Mechanisms of dynamic trap sealing failure
According to the features of ground stress disturbance in gas storage operation, the root causes of trap sealing failure are microscopic pore structure change and macroscopic mechanical deformation and damage of rock under alternating stress. Therefore, four kinds of sealing failure mechanisms, cap rock capillary sealing failure, tensile damage, shear damage and shear slip activation of fault, have been pointed out. (1) Cap rock capillary sealing failure. Under alternating stress, microscopic pore structure may change and micro-fissures may expand in the cap rock, or the strong heterogeneous disturbance caused by high speed injection and withdrawal may lead to change of the original water driving system in the cap rock, causing cap rock capillary sealing failure and the exacerbation of initial slow diffusion of gas into leak. (2) Tensile damage. High speed gas injection may lead to high pressure in local area, when higher than the minimum horizontal stress, the pressure would cause tensile damage to the cap rock. (3) Shear damage. Ground stress disturbance in high speed injection and withdrawal may cause stress concentration in the abrupt structural change area, and consequently sliding deformation and shear damage in the abrupt structural change area or lithologic change weak plane of the cap rock. (4) Shear slip of fault. When the shear stress acting on the fault plane is higher than the critical value due to ground stress disturbance during high speed injection and withdrawal, fault running through the cap rock will slip, breaking the integrity of the cap rock and causing sealing failure. 1.2.

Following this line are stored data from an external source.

Lemma mxtrace_char_poly_split (R : comNzRingType) n (A : 'M[R]_n) (d : 'I_n -> R) :
  char_poly A = \prod_i ('X - (d i)%:P) -> \tr A = \sum_i d i.
Proof.
case: n A d => [|n] A d cA; first by rewrite /mxtrace !big_ord0.
set s := [seq d i | i <- enum 'I_n.+1].
have prodE : \prod_i ('X - (d i)%:P) = \prod_(y <- s) ('X - y%:P).
  by rewrite big_map big_enum.
have size_s : size s = n.+1 by rewrite size_map size_enum_ord.
apply: oppr_inj; rewrite -char_poly_trace // cA prodE -[in LHS]size_s.
by rewrite coefPn_prod_XsubC ?size_s // big_map big_enum.
Qed.

(* Diagonalize over [R[i]], where symmetric real matrices are hermitian. *)
Lemma symmetric_char_poly_split (R : rcfType) n (A : 'M[R]_n) : A^T = A ->
  exists d : 'I_n -> R, char_poly A = \prod_i ('X - (d i)%:P) /\
    char_poly (A *m A) = \prod_i ('X - (d i ^+ 2)%:P).
Proof.
move=> Asym; pose f := @real_complex R; pose Ac := map_mx f A.
have Ac_herm : Ac \is hermsymmx.
  apply: realsym_hermsym.
    apply/is_hermitianmxP; rewrite expr0 scale1r.
    by apply/matrixP => i j; rewrite !mxE -[in LHS]Asym mxE.
  by apply/mxOverP => i j; rewrite mxE; apply/complex_realP; exists (A i j).
have /orthomx_spectralP AcE := hermitian_normalmx Ac_herm.
have /mxOverP Dreal := hermitian_spectral_diag_real Ac_herm.
set P := spectralmx Ac in AcE; set D := spectral_diag Ac in AcE Dreal.
have uP : P \in unitmx by apply: spectral_unit.
pose d i := complex.Re (D 0 i).
have Dd i : D 0 i = f (d i) by rewrite /d /f RRe_real // Dreal.
exists d; split; apply: (map_poly_inj f); rewrite map_char_poly.
  rewrite -/Ac AcE char_poly_similar // char_poly_trig ?diag_mx_is_trig //.
  by rewrite map_prod_XsubC; apply: eq_bigr => i _; rewrite mxE eqxx mulr1n Dd.
rewrite map_mxM -/Ac AcE -!mulmxA (mulmxA P) mulmxV // mul1mx.
rewrite (mulmxA (diag_mx D)) mulmx_diag mulmxA char_poly_similar //.
rewrite char_poly_trig ?diag_mx_is_trig // map_prod_XsubC.
by apply: eq_bigr => i _; rewrite !mxE eqxx mulr1n Dd rmorphXn expr2.
Qed.

Lemma sum_rootsR_prod_XsubC (R : rcfType) (s : seq R) (G : R -> R) :
  let p := \prod_(y <- s) ('X - y%:P) in
  \sum_(x <- rootsR p) (mup x p)%:R * G x = \sum_(y <- s) G y.
Proof.
move=> p; have p_neq0 : p != 0 by rewrite monic_neq0 ?monic_prod_XsubC.
have rootsR_undup : perm_eq (rootsR p) (undup s).
  apply: uniq_perm; [exact: uniq_roots | exact: undup_uniq |] => x.
  by rewrite mem_undup -(roots_on_rootsR p_neq0) in_itv /= root_prod_XsubC.
rewrite (perm_big _ rootsR_undup) /= -[RHS]big_undup_iterop_count.
apply: eq_bigr => x _; rewrite mu_prod_XsubC Monoid.iteropE.
by elim: (count_mem x s) => [|k IHk] /=; rewrite ?mul0r // -IHk mulrS mulrDl mul1r.
Qed.

Definition psdmx {R : numDomainType} {n} (A : 'M[R]_n) :=
  forall u : 'rV_n, 0 <= (u *m A *m u^T) 0 0.

Lemma quadformE (R : comNzRingType) n (A : 'M[R]_n) (u : 'rV_n) :
  (u *m A *m u^T) 0 0 = \sum_i \sum_l u 0 i * u 0 l * A i l.
Proof.
rewrite mxE; under eq_bigr => l _ do rewrite !mxE mulr_suml.
rewrite exchange_big; apply: eq_bigr => i _; apply: eq_bigr => l _.
by rewrite mulrAC.
Qed.

Lemma psdmx_eigenvalue_ge0 (R : realFieldType) n (A : 'M[R]_n) a :
  psdmx A -> eigenvalue A a -> 0 <= a.
Proof.
move=> Apsd /eigenvalueP [v vA v_neq0].
suff vv_gt0 : 0 < (v *m v^T) 0 0.
  by have := Apsd v; rewrite vA -scalemxAl mxE pmulr_lge0.
have sq_ge0 j : 0 <= v 0 j * v^T j 0 by rewrite mxE -expr2 sqr_ge0.
rewrite mxE lt0r sumr_ge0 // andbT.
apply: contra v_neq0 => /eqP vv0; apply/eqP/rowP => j.
have /(_ j isT) := psumr_eq0P (fun k _ => sq_ge0 k) vv0.
by rewrite !mxE => /eqP; rewrite mulf_eq0 orbb => /eqP.
Qed.

Lemma nuclear_norm_psd (R : realType) n (A : 'M[R]_n) :
  A^T = A -> psdmx A -> nuclear_norm A = \tr A.
Proof.
move=> Asym Apsd; have [d [cA cAA]] := symmetric_char_poly_split Asym.
have d_ge0 i : 0 <= d i.
  apply: psdmx_eigenvalue_ge0 Apsd _.
  by rewrite eigenvalue_root_char cA /root horner_prod (bigD1 i) //= hornerXsubC subrr mul0r.
rewrite /nuclear_norm /= Asym cAA (mxtrace_char_poly_split cA).
rewrite -(big_map (fun i => d i ^+ 2) predT (fun y => 'X - y%:P)).
rewrite sum_rootsR_prod_XsubC big_map.
by apply: eq_bigr => i _; rewrite sqrtr_sqr ger0_norm.
Qed.

Lemma fact_mul_leq m j : (m`! * j`! <= (m + j)`!)%N.
Proof.
have := bin_fact (leq_addr j m); rewrite addKn => <-.
by apply: leq_pmull; rewrite bin_gt0 leq_addr.
Qed.

Lemma exp_coeffD_le (R : realType) (y : R) m j : 0 <= y ->
  exp_coeff y (m + j)%N <= exp_coeff y m * exp_coeff y j.
Proof.
move=> y0; rewrite /exp_coeff /= exprD mulrACA -invfM ler_wpM2l ?mulr_ge0 ?exprn_ge0 //.
by rewrite lef_pV2 ?posrE ?mulr_gt0 ?ltr0n ?fact_gt0 // -natrM ler_nat fact_mul_leq.
Qed.

Lemma series_exp_coeff_le_expR (R : realType) (y : R) N : 0 <= y ->
  series (exp_coeff y) N <= expR y.
Proof.
move=> y0; apply: nondecreasing_cvgn_le; last exact: is_cvg_series_exp_coeff.
by apply: nondecreasing_series => k _ _; rewrite /exp_coeff /= divr_ge0 ?exprn_ge0.
Qed.

Lemma cvg_series_exp_coeff_sub (R : realType) (y : R) m :
  series (exp_coeff y) N - series (exp_coeff y) m @[N --> \oo] -->
  expR y - series (exp_coeff y) m.
Proof. exact: cvgB (is_cvg_series_exp_coeff y) (cvg_cst _). Qed.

Evaluation for trap dynamic sealing property
The pressure limit a gas storage trap can withstand can be estimated by calculating the pressure withstanding limits of the cap rock and fault at the critical point of capillary sealing failure, tensile and shear damages, and shear slip of fault, then the upper pressure limit of the gas storage can be designed scientifically, and the room for upper pressure limit increase evaluated. 1.2.1.

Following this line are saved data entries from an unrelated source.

Lemma sum_powR_scaled_ratio_le (I : finType) (P : pred I) (D : I -> R) (t s c al b : R) :
  0 < s -> s <= t -> 1 <= al -> 0 <= c -> 0 < b -> (forall i, 0 <= D i) -> (0 < #|I|)%N ->
  (forall i, P i -> al * #|I|%:R `^ s^-1 * D i <= b) ->
  \sum_(i | P i) (c * D i / b) `^ t <= c `^ t / al `^ t.
Proof.
move=> s0 st al1 c0 b0 D0 I0 hD.
have M1 : 1 <= #|I|%:R :> R by rewrite ler1n.
have al0 : 0 < al := lt_le_trans ltr01 al1.
set r := c `^ t / (al `^ t * #|I|%:R).
apply: (le_trans (y := \sum_(i | P i) r)).
  apply: ler_sum => i Pi.
  exact: (powR_scaled_ratio_le s0 st al1 M1 c0 (D0 i) b0 (hD i Pi)).
apply: (le_trans (y := \sum_(i : I) r)).
  apply: ler_sum_nneg_subset => // i _; apply: divr_ge0; first exact: powR_ge0.
  by apply: mulr_ge0; [exact: powR_ge0|exact: ler0n].
rewrite sumr_const -mulr_natr /r le_eqVlt; apply/orP; left; apply/eqP.
field; rewrite !lt0r_neq0 ?powR_gt0 //; exact: lt_le_trans M1.
Qed.

Lemma ln_prod1D_le_sum n (u : nat -> R) : (forall j, 0 <= u j) ->
  ln (\prod_(j < n) (1 + u j)) <= \sum_(j < n) u j.
Proof.
move=> u0.
have P0 : 0 < \prod_(j < n) (1 + u j).
  by apply: prodr_gt0 => j _; apply: (lt_le_trans ltr01); rewrite lerDl.
rewrite -[X in _ <= X]expRK ler_ln ?posrE ?expR_gt0 // expR_sum.
apply: ler_prod => j _; rewrite addr_ge0 ?ler01 //=; exact: expR_ge1Dx.
Qed.

Lemma cvg_div_powR (alpha : nat -> R) (c t : R) : 0 <= c -> 0 < t ->
  (forall n, 0 < alpha n) -> alpha @ \oo --> +oo ->
  (fun n => c / alpha n `^ t) @ \oo --> 0.
Proof.
move=> c0 t0 al0 /cvgryPge hal; apply/cvgrPdist_le => eps eps0.
apply: filterS (hal ((c / eps) `^ t^-1)) => n hn.
have at0 : 0 < alpha n `^ t by exact: powR_gt0.
have ce0 : 0 <= c / eps by apply: divr_ge0 => //; exact: ltW.
rewrite sub0r normrN ger0_norm ?divr_ge0 ?powR_ge0 //.
rewrite ler_pdivrMr // -ler_pdivrMl // mulrC.
have -> : c / eps = ((c / eps) `^ t^-1) `^ t.
  by rewrite -powRrM mulVf ?powRr1 // lt0r_neq0.
by apply: (ge0_ler_powR (ltW t0)); rewrite ?nnegrE ?powR_ge0 // ltW.
Qed.

Lemma limn_einf_sandwich (a b e : nat -> R) :
  (forall n, a n <= b n) -> (forall n, b n <= a n + e n) -> e @ \oo --> 0 ->
  limn_einf (fun n => (a n)%:E) = limn_einf (fun n => (b n)%:E).
Proof.
move=> ab bae he; apply/le_anti/andP; split; last first.
  apply/lee_addgt0Pr => eps eps0.
  rewrite addeC -limn_einf_shift // !limn_einf_lim.
  apply: lee_lim; [exact: is_cvg_einfs|exact: is_cvg_einfs|].
  move/cvgrPdist_le: he => /(_ eps eps0) [N0 _ hN].
  exists N0 => // n /= hn.
  apply: le_ereal_inf_tmp => _ [k /= hk <-].
  apply: le_trans (ereal_inf_lbound _) _; first by exists k.
  rewrite lee_fin addrC (le_trans (bae k)) // lerD2l.
  have := hN k (leq_trans hn hk); rewrite /= sub0r normrN.
  exact/le_trans/ler_norm.
rewrite !limn_einf_lim; apply: lee_lim; [exact: is_cvg_einfs|exact: is_cvg_einfs|].
apply: nearW => n; apply: le_ereal_inf_tmp => _ [k /= hk <-].
apply: le_trans (ereal_inf_lbound _) _; first by exists k.
by rewrite lee_fin.
Qed.

(* By Cesaro, [ln (\prod_(j < n) (1 + u j)) <= \sum_(j < n) u j = o(n)]. *)
Lemma limn_einf_ln_div_eq (a b u : nat -> R) :
  (forall n, 0 < a n) -> (forall n, a n <= b n) ->
  (forall n, b n <= \prod_(j < n.+1) (1 + u j) * a n) ->
  (forall j, 0 <= u j) -> u @ \oo --> 0 ->
  limn_einf (fun n => (ln (a n) / n.+1%:R)%:E) =
  limn_einf (fun n => (ln (b n) / n.+1%:R)%:E).
Proof.
move=> a0 ab bpa u0 u_cvg.
apply: (limn_einf_sandwich (e := arithmetic_mean u)) => [n|n|]; last exact: cesaro.
  apply: ler_wpM2r; first by rewrite invr_ge0.
  by rewrite ler_ln ?posrE // (lt_le_trans (a0 n)).
have P0 : 0 < \prod_(j < n.+1) (1 + u j).
  by apply: prodr_gt0 => j _; apply: (lt_le_trans ltr01); rewrite lerDl.
rewrite /arithmetic_mean /series /= big_mkord [_^-1 * _]mulrC -mulrDl.
apply: ler_wpM2r; first by rewrite invr_ge0.
apply: (le_trans (y := ln (\prod_(j < n.+1) (1 + u j) * a n))).
  by rewrite ler_ln ?posrE ?mulr_gt0 // (lt_le_trans (a0 n)).
by rewrite lnM ?posrE // addrC lerD2l; exact: ln_prod1D_le_sum.
Qed.

End RealLemmas.

Section Conformal.
Variables (R : realType) (d : nat) (hd : (0 < d)%N).
Notation V := 'rV[R]_d.

Definition conformal_at (f : V -> V) (x : V) :=
  differentiable f x /\
  exists2 c : R, 0 < c & forall h, enorm ('d f x h) = c * enorm h.

Definition conformal_on (U : set V) (f : V -> V) :=
  (forall x, U x -> U (f x)) /\ (forall x, U x -> conformal_at f x).

Lemma dnorm_similarity (f : V -> V) x c :
  (forall h, enorm ('d f x h) = c * enorm h) -> dnorm f x = c.
Proof.
move=> hc; pose e : V := \row_(i < d) (i == Ordinal hd)%:R.
have e1 : enorm e = 1.
  rewrite /enorm (bigD1 (Ordinal hd)) //= big1 ?addr0.
    by rewrite mxE eqxx expr1n sqrtr1.
  by move=> i hi; rewrite mxE (negbTE hi) expr0n.
rewrite /dnorm; have -> : [set enorm ('d f x h) | h in [set h : V | enorm h = 1]] = [set c].
  apply/seteqP; split => y /=; first by move=> [h /= h1 <-]; rewrite hc h1 mulr1.
  by move=> ->; exists e; rewrite /= ?e1 // hc e1 mulr1.
by rewrite sup1.
Qed.

Lemma dnorm_ge0 (f : V -> V) x : 0 <= dnorm f x.
Proof. by apply: sup_ge0 => _ [h _ <-]; exact: sqrtr_ge0. Qed.

Lemma Dnorm_ge0 (X : set V) (f : V -> V) : 0 <= Dnorm X f.
Proof. by apply: sup_ge0 => _ [x _ <-]; exact: dnorm_ge0. Qed.

Lemma dnorm_conformal_gt0 (f : V -> V) x : conformal_at f x -> 0 < dnorm f x.
Proof. by move=> [_ [c c0 hc]]; rewrite (dnorm_similarity hc). Qed.

Lemma conformal_at_comp (f g : V -> V) x : conformal_at g x -> conformal_at f (g x) ->
  conformal_at (f \o g) x.
Proof.
move=> [dg [cg cg0 hg]] [df [cf cf0 hf]]; split; first exact: differentiable_comp.
exists (cf * cg) => [|h]; first exact: mulr_gt0.
by rewrite diff_comp // /= hf hg mulrA.
Qed.

Lemma dnorm_comp (f g : V -> V) x : conformal_at g x -> conformal_at f (g x) ->
  dnorm (f \o g) x = dnorm f (g x) * dnorm g x.
Proof.
move=> [dg [cg _ hg]] [df [cf _ hf]].
rewrite (dnorm_similarity hf) (dnorm_similarity hg); apply: dnorm_similarity => h.
by rewrite diff_comp // /= hf hg mulrA.
Qed.

Lemma dnorm_id (x : V) : dnorm id x = 1.
Proof. by apply: dnorm_similarity => h; rewrite diff_val mul1r. Qed.

Lemma conformal_on_C1 U f : conformal_C1_into U f -> conformal_on U f.
Proof. by move=> [fU _ df _ cf]; split => // x Ux; split; [exact: df|exact: cf]. Qed.

Lemma conformal_on_comp U (f g : V -> V) :
  conformal_on U f -> conformal_on U g -> conformal_on U (f \o g).
Proof.
move=> [fU cf] [gU cg]; split => x Ux; first exact/fU/gU.
exact: conformal_at_comp (cg _ Ux) (cf _ (gU _ Ux)).
Qed.

Lemma conformal_on_comp_seq U (fs : seq (V -> V)) :
  (forall f, f \in fs -> conformal_on U f) -> conformal_on U (comp_seq fs).
Proof.
elim: fs => [_|f fs IH cfs].
  split => x Ux //; split; first exact: ex_diff.
  by exists 1 => // h; rewrite diff_val mul1r.
apply: conformal_on_comp; first by apply: cfs; rewrite inE eqxx.
by apply: IH => g gfs; apply: cfs; rewrite inE gfs orbT.
Qed.

Lemma dnorm_comp_on U (f g : V -> V) x :
  conformal_on U f -> conformal_on U g -> U x ->
  dnorm (f \o g) x = dnorm f (g x) * dnorm g x.
Proof. by move=> [_ cf] [gU cg] Ux; apply: dnorm_comp; [exact: cg|exact/cf/gU]. Qed.

Lemma dnorm_gt0_on U (f : V -> V) x : conformal_on U f -> U x -> 0 < dnorm f x.
Proof. by move=> [_ cf] Ux; apply/dnorm_conformal_gt0/cf. Qed.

Capillary sealing capacity of cap rock
The capillary sealing capacity evaluation experiment of gas storage cap rock follows the same idea with gas reservoir de-
velopment experiment, but simulates quite different working conditions. In the conventional method, on the basis of comprehensive geologic study and porosity, permeability and microscopic pore structure test of core, core samples are selected to test the critical breakthrough pressure by gas breakthrough pressure experiment. As ground stress disturbance during gas storage operation would cause deformation and micro-pore structure change of cap rock, on the basis of conventional static breakthrough pressure test, core fatigue damage experiment under alternating load needs to be conducted according to the actual ground stress and designed pressure range, to figure out the critical breakthrough pressure of cap rock core after cyclic injection and withdrawal and dynamic capillary pressure withstanding limit of cap rock. 1.2.2.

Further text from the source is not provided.